Six decades later, General Lee Butler (no relation to Smedley) offered yet another case in which a senior officer’s retirement from active duty inspired a sudden outburst of candor. An air force officer, Butler spent his career as a nuclear weapons specialist. During his rise to four-star rank culminating in his assignment as head of U.S. Strategic Command, he was by his own account “embroiled in every aspect of American nuclear policymaking and force posturing, from the councils of government to military command centers, from cramped bomber cockpits to the suffocating confines of ballistic missile submarines.” Butler “certified hundreds of crews for their nuclear mission and approved thousands of targets for potential nuclear destruction.” Here was a flesh-and-blood, if far less colorful, equivalent of Stanley Kubrick’s General Buck Turgidson, dedicated to the proposition that standing in readiness to blow up the planet held the key to keeping the peace. During the Cold War, antinuclear crusaders had denounced such thinking as madness. Air force officers had dismissed such criticism as naive.

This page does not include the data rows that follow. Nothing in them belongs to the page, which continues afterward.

(* Under the hypotheses of Lemma 1 (real random variable $\hat g_i$ with mean $g_i\ne0$, variance $\sigma_i^2>0$, unimodal and symmetric distribution about $g_i$), one has $$\mathrm{Prob}(\mathrm{sign}\,\hat g_i=\mathrm{sign}\,g_i)\ge1-\frac12\cdot\frac{1}{1+z+z^2},\qquad z:=\frac{|g_i|}{\sqrt3\sigma_i}.$$
   Context: $\mathrm{sign}\,t=1,0,-1$ for $t>0,t=0,t<0$. *)

From HB Require Import structures.
From mathcomp Require Import all_boot all_order all_algebra.
From mathcomp Require Import all_classical all_reals all_analysis.
Set Implicit Arguments. Unset Strict Implicit. Unset Printing Implicit Defensive.
Import Order.TTheory GRing.Theory Num.Theory.
Local Open Scope classical_set_scope.
Local Open Scope ring_scope.

Definition convex_on (R : realType) (I : set R) (f : R -> R) : Prop :=
  forall x y t : R, I x -> I y -> 0 <= t -> t <= 1 ->
    f (t * x + (1 - t) * y) <= t * f x + (1 - t) * f y.

Definition concave_on (R : realType) (I : set R) (f : R -> R) : Prop :=
  convex_on I (fun x => - f x).

(* Unimodal distribution (Khintchine): there is a mode m such that the
   cumulative distribution function is convex on (-oo, m) and concave
   on (m, +oo). *)
Definition unimodal_RV d (T : measurableType d) (R : realType)
  (P : probability T R) (X : {RV P >-> R}) : Prop :=
  exists m : R,
    convex_on [set x | x < m] (fun x => fine (cdf X x)) /\
    concave_on [set x | m < x] (fun x => fine (cdf X x)).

Yet no sooner did Butler retire in 1994 than he switched sides, characterizing nuclear weapons as “inherently dangerous, hugely expensive, militarily inefficient and morally indefensible” and nuclear war as “a raging, insatiable beast whose instincts and appetites we pretend to understand but cannot possibly control”—just what the peaceniks had been saying all along.
2
The U.S. nuclear arsenal had not deterred the Soviet Union, he insisted; instead the “presence of these hideous devices unnecessarily prolonged and intensified the Cold War.”
3
As with Smedley Butler, the cause to which Lee Butler had devoted his professional life turned out—so he belatedly discovered—to have been false.

Some officers suffer the onset of Smedley’s syndrome only after a considerable lapse of time. Admiral William H. Standley offers an example. Prior to World War II, President Franklin D. Roosevelt had appointed Standley to the position of chief of naval operations, the U.S. Navy’s top post. During the war, Roosevelt sent him to Moscow, where the admiral did a tour as U.S. ambassador. In between those two assignments, he served on the Roberts Commission, created in mid-December 1941 to investigate the Japanese attack on Pearl Harbor.

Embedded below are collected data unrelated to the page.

(* Let $f:\mathbb{R}^d\to\mathbb{R}$ be convex and differentiable, and suppose that $\nabla^2f(\boldsymbol x)\preceq L\boldsymbol I$ for all $\boldsymbol x\in B(\boldsymbol x_0,M)$, for some $\boldsymbol x_0\in\mathbb{R}^d$, $0<M\le+\infty$ and $0<L<+\infty$. If $\lambda>\|\nabla f(\boldsymbol x_0)\|_2$, then for all $\boldsymbol x\in B\big(\boldsymbol x_0,\min\{(\lambda-\|\nabla f(\boldsymbol x_0)\|_2)/L,M\}\big)$, $$f(\boldsymbol x)=\inf_{\boldsymbol y\in\mathbb{R}^d}\{f(\boldsymbol y)+\lambda\|\boldsymbol x-\boldsymbol y\|_2\}\qquad\text{and}\qquad\mathop{\mathrm{argmin}}_{\boldsymbol y\in\mathbb{R}^d}\{f(\boldsymbol y)+\lambda\|\boldsymbol x-\boldsymbol y\|_2\}=\{\boldsymbol x\}.$$
   Context: $B(\boldsymbol x,r)$ is the closed Euclidean ball; $f$ is assumed twice differentiable on $B(\boldsymbol x_0,M)$ so that the Hessian bound makes sense. *)

From HB Require Import structures.
From mathcomp Require Import all_boot all_order all_algebra.
From mathcomp Require Import all_classical all_reals all_analysis.
Set Implicit Arguments. Unset Strict Implicit. Unset Printing Implicit Defensive.
Import Order.TTheory GRing.Theory Num.Theory.
Import numFieldNormedType.Exports.
Local Open Scope classical_set_scope.
Local Open Scope ring_scope.

Section Defs.
Context {R : realType} {d : nat}.

(* Euclidean (l2) norm on R^d (the library's default norm on 'rV is the sup norm). *)
Definition enorm (v : 'rV[R]_d) : R := Num.sqrt (\sum_(i < d) (v ord0 i) ^+ 2).

Definition ebasis (i : 'I_d) : 'rV[R]_d := delta_mx ord0 i.

Definition grad (f : 'rV[R]_d -> R) (x : 'rV[R]_d) : 'rV[R]_d :=
  \row_(i < d) 'D_(ebasis i) f x.

Definition hessian (f : 'rV[R]_d -> R) (x : 'rV[R]_d) : 'M[R]_d :=
  \matrix_(i < d, j < d) 'D_(ebasis j) (fun y => 'D_(ebasis i) f y) x.

Definition eball (x0 : 'rV[R]_d) (r : \bar R) : set 'rV[R]_d :=
  [set x | ((enorm (x - x0))%:E <= r)%E].

Definition convex_fun (f : 'rV[R]_d -> R) : Prop :=
  forall (x y : 'rV[R]_d) (t : R), 0 <= t -> t <= 1 ->
    f (t *: x + (1 - t) *: y) <= t * f x + (1 - t) * f y.

Definition loewner_le_scalar (A : 'M[R]_d) (L : R) : Prop :=
  forall v : 'rV[R]_d, (v *m A *m v^T) ord0 ord0 <= L * enorm v ^+ 2.

End Defs.

(* Convexity gives f y >= f z + <grad f z, y - z> for all y, z, and the Hessian
   bound makes grad f L-Lipschitz on the ball (via the mean value theorem, once
   the second differential is known to be symmetric, which is Schwarz's argument
   on second differences).  For x in the smaller ball this yields
   |grad f x| <= |grad f x0| + L |x - x0| <= lam, hence f y + lam |x - y| >= f x.
   Strictness, even on the boundary of the smaller ball, comes from expanding f
   around z = x - mu (x - x0) instead of x: replacing grad f x by grad f z costs
   at most L mu^2 |x - x0|^2, quadratic in mu, while the margin gained,
   mu (lam - |grad f x0|) |x - y|, is linear in mu. *)

From HB Require Import structures.
From mathcomp Require Import all_boot all_order all_algebra.
From mathcomp Require Import all_classical all_reals all_analysis.
From mathcomp Require Import ring lra.
Set Implicit Arguments. Unset Strict Implicit. Unset Printing Implicit Defensive.
Import Order.TTheory GRing.Theory Num.Theory.
Import numFieldNormedType.Exports.
Local Open Scope classical_set_scope.
Local Open Scope ring_scope.

Lemma psd_form_CauchySchwarz (R : rcfType) (V : lmodType R) (B : V -> V -> R) :
  (forall u v, B u v = B v u) ->
  (forall u v w (t : R), B u (t *: v + w) = t * B u v + B u w) ->
  (forall u, 0 <= B u u) ->
  forall a b, B a b <= Num.sqrt (B a a) * Num.sqrt (B b b).
Proof.
move=> BC BlinR Bpsd a b.
have quad t : 0 <= t ^+ 2 * B b b + 2 * t * B a b + B a a.
  have := Bpsd (t *: b + a); rewrite BlinR !(BC (t *: b + a)) !BlinR (BC a b).
  by congr (_ <= _); ring.
suff sq : B a b ^+ 2 <= B a a * B b b.
  rewrite -sqrtrM // (le_trans (ler_norm _)) // -sqrtr_sqr ler_sqrt //.
  exact: mulr_ge0.
have [bb_gt0|bb_le0] := ltP 0 (B b b).
  have := quad (- B a b / B b b).
  have -> : (- B a b / B b b) ^+ 2 * B b b + 2 * (- B a b / B b b) * B a b + B a a
      = B a a - B a b ^+ 2 / B b b by field; exact: lt0r_neq0.
  by rewrite subr_ge0 ler_pdivrMr.
have bb0 : B b b = 0 by apply/le_anti; rewrite bb_le0 Bpsd.
have [->|ab_neq0] := eqVneq (B a b) 0; first by rewrite bb0 mulr0 expr0n.
have := quad (- (B a a + 1) / (2 * B a b)); rewrite bb0 mulr0 add0r.
have -> : 2 * (- (B a a + 1) / (2 * B a b)) * B a b = - (B a a + 1) by field.
lra.
Qed.

Section EuclideanSpace.
Context {R : realType} {d : nat}.
Implicit Types a b u v : 'rV[R]_d.

Definition dot a b : R := (a *m b^T) ord0 ord0.

Lemma dotE a b : dot a b = \sum_i a ord0 i * b ord0 i.
Proof. by rewrite /dot mxE; apply: eq_bigr => i _; rewrite mxE. Qed.

Lemma dotC a b : dot a b = dot b a.
Proof. by rewrite !dotE; apply: eq_bigr => i _; rewrite mulrC. Qed.

Lemma dotDl a b v : dot (a + b) v = dot a v + dot b v.
Proof. by rewrite /dot mulmxDl mxE. Qed.

Lemma dotZl t a v : dot (t *: a) v = t * dot a v.
Proof. by rewrite /dot -scalemxAl mxE. Qed.

Lemma dotNl a v : dot (- a) v = - dot a v.
Proof. by rewrite -scaleN1r dotZl mulN1r. Qed.

Lemma dotBl a b v : dot (a - b) v = dot a v - dot b v.
Proof. by rewrite dotDl dotNl. Qed.

Lemma dotDr a b v : dot v (a + b) = dot v a + dot v b.
Proof. by rewrite !(dotC v) dotDl. Qed.

Lemma dotZr t a v : dot v (t *: a) = t * dot v a.
Proof. by rewrite !(dotC v) dotZl. Qed.

Lemma dotNr a v : dot v (- a) = - dot v a.
Proof. by rewrite !(dotC v) dotNl. Qed.

Lemma dotBr a b v : dot v (a - b) = dot v a - dot v b.
Proof. by rewrite dotDr dotNr. Qed.

Lemma dot_ge0 v : 0 <= dot v v.
Proof. by rewrite dotE sumr_ge0 // => i _; rewrite -expr2 sqr_ge0. Qed.

Lemma enorm_dot v : enorm v = Num.sqrt (dot v v).
Proof. by rewrite dotE; congr Num.sqrt; apply: eq_bigr => i _; rewrite expr2. Qed.

Lemma enorm_ge0 v : 0 <= enorm v.
Proof. exact: sqrtr_ge0. Qed.

Lemma enorm_sqr v : enorm v ^+ 2 = dot v v.
Proof. by rewrite enorm_dot sqr_sqrtr ?dot_ge0. Qed.

Lemma dot_le_enorm a b : dot a b <= enorm a * enorm b.
Proof.
rewrite !enorm_dot; apply: psd_form_CauchySchwarz => [||u]; last exact: dot_ge0.
  exact: dotC.
by move=> u v w t; rewrite dotDr dotZr.
Qed.

Lemma enormZ t v : enorm (t *: v) = `|t| * enorm v.
Proof.
by rewrite !enorm_dot dotZl dotZr mulrA -expr2 sqrtrM ?sqr_ge0 // sqrtr_sqr.
Qed.

Lemma enormD a b : enorm (a + b) <= enorm a + enorm b.
Proof.
rewrite -ler_sqr ?nnegrE ?addr_ge0 ?enorm_ge0 //.
rewrite enorm_sqr dotDl !dotDr (dotC b a) sqrrD !enorm_sqr.
have := dot_le_enorm a b; lra.
Qed.

Lemma enorm_eq0 v : (enorm v == 0) = (v == 0).
Proof.
apply/idP/eqP => [|->]; last first.
  by rewrite enorm_dot dotE big1 ?sqrtr0 // => i _; rewrite mxE mul0r.
rewrite enorm_dot sqrtr_eq0 dotE => vv_le0; apply/rowP => i; rewrite mxE.
have vv0 : \sum_i v ord0 i * v ord0 i = 0.
  by apply/le_anti; rewrite vv_le0 sumr_ge0 // => j _; rewrite -expr2 sqr_ge0.
have /eqP : v ord0 i * v ord0 i = 0.
  by apply: (psumr_eq0P _ vv0) => // j _; rewrite -expr2 sqr_ge0.
by rewrite mulf_eq0 orbb => /eqP.
Qed.

Lemma enorm0 : enorm (0 : 'rV[R]_d) = 0.
Proof. by apply/eqP; rewrite enorm_eq0. Qed.

Lemma eball_convex (x0 p q : 'rV[R]_d) (r : \bar R) (t : R) :
  eball x0 r p -> eball x0 r q -> 0 <= t <= 1 -> eball x0 r (p + t *: (q - p)).
Proof.
rewrite /eball /= => hp hq /andP[t0 t1].
have -> : p + t *: (q - p) - x0 = (1 - t) *: (p - x0) + t *: (q - x0).
  by apply/rowP => i; rewrite !mxE; ring.
have := enormD ((1 - t) *: (p - x0)) (t *: (q - x0)).
rewrite !enormZ !ger0_norm ?subr_ge0 // => le_conv.
case: r hp hq => [r| |] hp hq; last by rewrite leeNy_eq in hp.
  rewrite !lee_fin in hp hq *; apply: le_trans le_conv _; nra.
exact: leey.
Qed.

End EuclideanSpace.

Section DotFunctional.
Context {R : realType} {d : nat}.

Definition dotr (a v : 'rV[R]_d) : R := dot v a.

Fact dotr_is_linear a : linear (dotr a).
Proof. by move=> k u v; rewrite /dotr dotDl dotZl. Qed.

HB.instance Definition _ a :=
  GRing.isLinear.Build R 'rV[R]_d R *:%R (dotr a) (dotr_is_linear a).

Lemma dotr_differentiable a x : differentiable (dotr a) x.
Proof.
have -> : dotr a = \sum_i ((fun v : 'rV[R]_d => v ord0 i) * cst (a ord0 i)).
  by apply/funext => v; rewrite fct_sumE /dotr dotE; apply: eq_bigr.
apply: differentiable_sum => i; apply: differentiableM => //.
exact: differentiable_coord.
Qed.

Lemma diff_dotr a x : 'd (dotr a) x = dotr a :> (_ -> _).
Proof.
by rewrite diff_lin // => y; exact/differentiable_continuous/dotr_differentiable.
Qed.

Variable V : normedModType R.

Lemma differentiable_dot_comp (G : V -> 'rV[R]_d) a p :
  differentiable G p -> differentiable (fun y => dot (G y) a) p.
Proof.
by move=> dG; apply: (@differentiable_comp _ _ _ _ G (dotr a)) => //;
  exact: dotr_differentiable.
Qed.

Lemma diff_dot_comp (G : V -> 'rV[R]_d) a p v :
  differentiable G p -> 'd (fun y => dot (G y) a) p v = dot ('d G p v) a.
Proof.
move=> dG; rewrite -[fun y => _]/(dotr a \o G) diff_comp ?diff_dotr //.
exact: dotr_differentiable.
Qed.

The commission’s purpose was to fix accountability for this disaster. Its hastily drafted report did just that, charging the senior army and navy commanders in Hawaii with “dereliction of duty.”
4
As a consequence, Admiral Husband Kimmel and Lieutenant General Walter Short lost their jobs; the people to whom Kimmel and Short reported and from whom they got their marching orders kept theirs. Standley and his colleagues concurred unanimously in the report’s findings.

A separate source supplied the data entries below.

Lemma nrm_sqr a : nrm a ^+ 2 = dotv a a.
Proof. by rewrite sqr_sqrtr // dotv_ge0. Qed.

Lemma nrmZ k a : nrm (k *: a) = `|k| * nrm a.
Proof.
by rewrite /nrm dotvZl dotvZr mulrA -expr2 sqrtrM ?sqr_ge0 // sqrtr_sqr.
Qed.

Lemma nrmN a : nrm (- a) = nrm a.
Proof. by rewrite /nrm dotvNl dotvNr opprK. Qed.

Lemma nrm_sqrD a b : nrm (a + b) ^+ 2 = nrm a ^+ 2 + 2 * dotv a b + nrm b ^+ 2.
Proof. by rewrite !nrm_sqr dotvDl !dotvDr (dotvC b a); ring. Qed.

Lemma dotv_le_nrm a b : dotv a b <= nrm a * nrm b.
Proof.
have [->|a0] := eqVneq a 0; first by rewrite /dotv mul0mx mxE mulr_ge0 ?nrm_ge0.
have [->|b0] := eqVneq b 0; first by rewrite /dotv trmx0 mulmx0 mxE mulr_ge0 ?nrm_ge0.
have ab0 : 0 < nrm a * nrm b by rewrite mulr_gt0 ?nrm_gt0.
have := dotv_ge0 (nrm b *: a - nrm a *: b).
rewrite !(dotvBl, dotvBr, dotvZl, dotvZr) (dotvC b a) -!nrm_sqr; nra.
Qed.

Lemma nrm_triangle a b : nrm (a + b) <= nrm a + nrm b.
Proof.
rewrite -(ler_pXn2r (n := 2)) ?nnegrE ?addr_ge0 ?nrm_ge0 //.
rewrite nrm_sqrD sqrrD; have := dotv_le_nrm a b; lra.
Qed.

End InnerProduct.

Section RealBounds.
Set Implicit Arguments. Unset Strict Implicit.
Variable R : realFieldType.
Implicit Types x y c : R.

Lemma ler_of_slack x y c :
  0 <= c -> (forall e, 0 < e -> x <= y + e * c) -> x <= y.
Proof.
move=> c0 H; apply/ler_addgt0Pr => e e0.
have c1 : 0 < c + 1 by lra.
apply: (le_trans (H _ (divr_gt0 e0 c1))); rewrite lerD2l mulrAC ler_pdivrMr //.
nra.
Qed.

(* The choice [t = (n - a - s) / (2 n)] turns the hypothesis into
   [3/4 (n - a - s)^2 <= (1 + t) s^2], which fails as soon as [n > a + 3 s]. *)
Lemma interpolation_bound (n a s : R) : 0 <= a -> 0 <= s ->
  (forall t, 0 < t -> t < 1 ->
     t * (2 - t) * n ^+ 2 <= t * (2 * (a + s) * n + s ^+ 2) + s ^+ 2) ->
  n <= a + 3 * s.
Proof.
move=> a0 s0 H; rewrite leNgt; apply/negP => hn.
have n0 : 0 < n by lra.
pose del := n - a - s; pose t := del / (2 * n).
have t0 : 0 < t by rewrite divr_gt0 ?mulr_gt0 // /del; lra.
have t_half : t <= 1 / 2 by rewrite ler_pdivrMr ?mulr_gt0 // /del; lra.
have t1 : t < 1 by lra.
have := H t t0 t1.
have -> : t * (2 - t) * n ^+ 2 = t * (2 * (a + s) * n) + 3 / 4 * del ^+ 2.
  by rewrite /t /del; field; rewrite gt_eqF.
have : t * s ^+ 2 <= 1 / 2 * s ^+ 2 by rewrite ler_wpM2r ?sqr_ge0.
have : 4 * s ^+ 2 < del ^+ 2 by rewrite /del; nra.
have := sqr_ge0 s; lra.
Qed.

End RealBounds.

Yet the commission’s narrowly drawn conclusions almost immediately fueled suspicions of a whitewash—suspicions that Standley himself ultimately endorsed. As with the Generals Butler, so, too, with Admiral Standley: the transition from insider to outsider gave rise to second thoughts. In 1954, he denounced the Roberts Commission’s findings, stating his “firm belief that the real responsibility for the disaster at Pearl Harbor was lodged thousands of miles from the Territory of Hawaii.” Kimmel and Short had been “martyred.” A fair-minded investigation would have found the uniformed heads of the army and navy back in Washington “fully culpable.” The whole purpose of the “hurriedly ordered” Roberts Commission, he now declared, had been “to forestall” any congressional inclination to ask unwelcome questions.